– Это результат вашего мещанства в семье. Результат отсутствия цели. Вы с Нюрой – люди без полета, а наше время требует труда и крыльев. Надо Нине идти на производство, рабочая среда свое дело сделает. Или в сельское хозяйство. Начинается коллективизация, Митя, новый замечательный и заключительный этап революции. Кончились поблажки и отступления. Теперь прямая, и вперед.
Никифор был в этот момент даже красив своим вдохновением. Прошлый раз худоба и чернота заставляли думать, что и ест он плохо, и живет без пригляда, сейчас же на ум приходило другое: ничего ему такого и не надо, потому как счастлив он не куском хлеба, не новым пиджаком, а внутренним счастьем, что и есть главное. Так что сначала Дмитрий едва признал его как пришедшего от покойников, а потом подумал: эти худые и черные – они куда живучей и всех полных и розовых переживут.
Потом он снова провожал Никифора ранним утром, на этот раз уехал тот спокойно, от выстрела в спину набок не заваливался.

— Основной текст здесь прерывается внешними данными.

(* Fix an integer $m\ge 1$ and $n\ge 0$. Let $\pi\in\Pi^{(m)}_n$ with label $L(\pi)=(a_1,a_2,\dots,a_m)$. Then exactly $a_m$ partitions of $[n+1]$ lying in $\Pi^{(m)}_{n+1}$ are obtained from $\pi$ by either adding $n+1$ as a singleton block or adding $n+1$ to an existing block of $\pi$: namely the partition obtained by adding $\{n+1\}$ as a singleton, and, for each $1\le l\le a_m-1$, the partition obtained by adding $n+1$ to block $l$ of $\pi$. Their labels are: \begin{itemize} \item adding $n+1$ as a singleton: $(a_1+1,a_2+1,\dots,a_m+1)$; \item adding $n+1$ to block $l$ with $1\le l\le a_1-1$: $(l+1,a_2,a_3,\dots,a_m)$; \item adding $n+1$ to block $l$ with $a_{j-1}\le l\le a_j-1$ for some $2\le j\le m$: $(a_1+1,\dots,a_{j-1}+1,\,l+1,\,a_{j+1},\dots,a_m)$. \end{itemize} (In particular, block $a_1$ gives $(a_1+1,a_1+1,a_3,\dots,a_m)$, block $a_2$ gives $(a_1+1,a_2+1,a_2+1,a_4,\dots,a_m)$, and block $a_m-1$ gives $(a_1+1,\dots,a_{m-1}+1,a_m)$.)
   Context: A set partition of $[n]=\{1,\dots,n\}$ is a collection of nonempty pairwise disjoint blocks with union $[n]$ ($n=0$ gives the empty partition). Its standard representation is the graph on vertex set $[n]$ whose edges (arcs) $(i,j)$, $i<j$, join consecutive elements (in numerical order) of each block. An $m$-nesting is a set of $m$ arcs $(i_1,j_1),\dots,(i_m,j_m)$ with $i_1<i_2<\dots<i_m<j_m<j_{m-1}<\dots<j_1$ (a $1$-nesting is a single arc); a partition is $m$-nonnesting if it has no $m$-nesting. $\Pi^{(m)}_n$ denotes the set of partitions of $[n]$ with no $(m+1)$-nesting. The blocks of a partition are numbered $1,2,3,\dots$ in decreasing order of their maximal elements (block 1 contains the largest element). ''Adding $n+1$ to block $l$'' means forming the partition of $[n+1]$ in which block $l$ is replaced by block $l\cup\{n+1\}$. The label of $\pi\in\Pi^{(m)}_n$ is $L(\pi)=(a_1,\dots,a_m)$ where, for $1\le j\le m$, $a_j=1+$(number of blocks of $\pi$) if $\pi$ has no $j$-nesting, and otherwise $a_j=1+$(number of blocks whose maximal element lies to the right of (is greater than) the smallest vertex of the rightmost $j$-nesting), the rightmost $j$-nesting being one whose smallest vertex is as large as possible among all $j$-nestings of $\pi$. The empty partition has label $(1,\dots,1)$. *)

(* Vertex i : 'I_n represents the integer i+1 of [n]. *)
From mathcomp Require Import all_boot all_order.
Set Implicit Arguments. Unset Strict Implicit. Unset Printing Implicit Defensive.
Lemma inner_zpow phi x n : inner phi -> phi (zpow x n) = zpow (phi x) n.
Proof.
by move=> iphi; case: n => m; rewrite /zpow; [|rewrite inner_linv //]; rewrite inner_npow.
Qed.

Lemma central1 : central (lone Q).
Proof. by move=> phi []. Qed.

Lemma centralM x y : central x -> central y -> central (x ** y).
Proof. by move=> Zx Zy phi iphi; rewrite innerM // Zx // Zy. Qed.

Lemma centralV x : central x -> central (linv x).
Proof. by move=> Zx phi iphi; rewrite inner_linv // Zx. Qed.

Lemma central_mulAC z x y : central z -> (x ** z) ** y = (x ** y) ** z.
Proof. by move=> Zz; rewrite mulC (mulC x y) -central_mulA // (mulC z). Qed.

Lemma central_mulACA z z' x y : central z -> central z' ->
  (x ** z) ** (y ** z') = (x ** y) ** (z ** z').
Proof.
move=> Zz Zz'; rewrite (central_mulA (x ** z) y Zz') (central_mulAC x y Zz).
by rewrite -(central_mulA (x ** y) z Zz').
Qed.

Lemma central_linvM z y : central z -> linv (y ** z) = linv y ** linv z.
Proof.
move=> Zz; apply/esym/linv_uniq.
by rewrite (central_mulACA y (linv y) Zz (centralV Zz)) !linvP lmul1r.
Qed.

Record Zl := ZL { zval :> Q; zvalP : central zval }.
Local Hint Resolve zvalP : core.
HB.instance Definition _ := gen_eqMixin Zl.
HB.instance Definition _ := gen_choiceMixin Zl.

Lemma zval_inj : injective zval.
Proof.
by case=> [a Za] [b Zb] /= eab; subst b; congr ZL; exact: Prop_irrelevance.
Qed.

Definition zadd (a b : Zl) := ZL (centralM (zvalP a) (zvalP b)).
Definition zopp (a : Zl) := ZL (centralV (zvalP a)).
Definition zzero := ZL central1.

Пока Дмитрий шел в дом, он твердо решил: может, Ниночка и не лучшая дочь, а вот ломать ее жизнь через колено он не позволит… И не отдаст он ее ни на производство, ни в новую колхозную жизнь, это неправильно – девочек на тяжелые работы. В корне! У Никифора нет своих детей, поэтому он чужими так разбросался. Хотя какие ж они ему чужие? Племянники! Родней родных, тем более, если своих нет! Но чего ждать от человека, который свою жизнь под ноги любой революционной идее бросит? Чужую жизнь тем более бросит! Может, в этом все дело? Раскидался, чернявый, раскидался! Моих детей не трожь… Как-нибудь сам дотумкаю… Ниночка, хоть и с опозданием, а кончит семилетку, пойдет в контору. Им нужны делопроизводители, а она девочка грамотная, почерк у нее вообще каллиграфический. Для женского пола немало. А Колюню бы хорошо учить дальше, на инженера, он смекалистый, задачки у него от зубов отлетают… Про Лелю еще рано говорить, что там получится. Как она ему сказала: "Меня, папуся, никто не догонит!" Что же касается коллективизации, то, на его взгляд, это новое дело – дело темное. За одной кобылой всем кодлом?.. Что-то тут не так… Он не сторонник… Его отец был крестьянин, из бедняков бедняк всю жизнь, но скажи ему "объединяйся!", он же бы тебя двинул! Он как говорил: "Всем чтоб одинаково – дурь. Это нарушение законов природы. Природе нужны все. И богатые, и бедные… И хищник, и клоп, и райская птица. Все нужны в целом".
Это он Никифору говорил еще в девятьсот пятом, когда тот только-только отравился революцией. Никифор из дома ушел, а он, Дмитрий, отцу поверил, хотя и было сомнение: сам отец боролся в хате с клопами, а по его логике – пусть бы жрали? Но ведь нельзя понимать буквально… Отца уже нет, и матери нет… Не проверишь, как бы отец воспринял коллективизацию… Для таких, как он, затея… В конце концов, что такое прогресс? Это стремление сделать так, чтоб бедным стало лучше. Разве это плохо? Разве это не по-божески? Значит… А ничего не значит! Не его это ума дело. У него на руках трое детей. Их надо вырастить и на ноги поставить. А бросать в трудности, чтоб крепче были, – на это у него одно отрицание. Вот и все! Если кто спросит, он так и скажет: на это у меня отрицание.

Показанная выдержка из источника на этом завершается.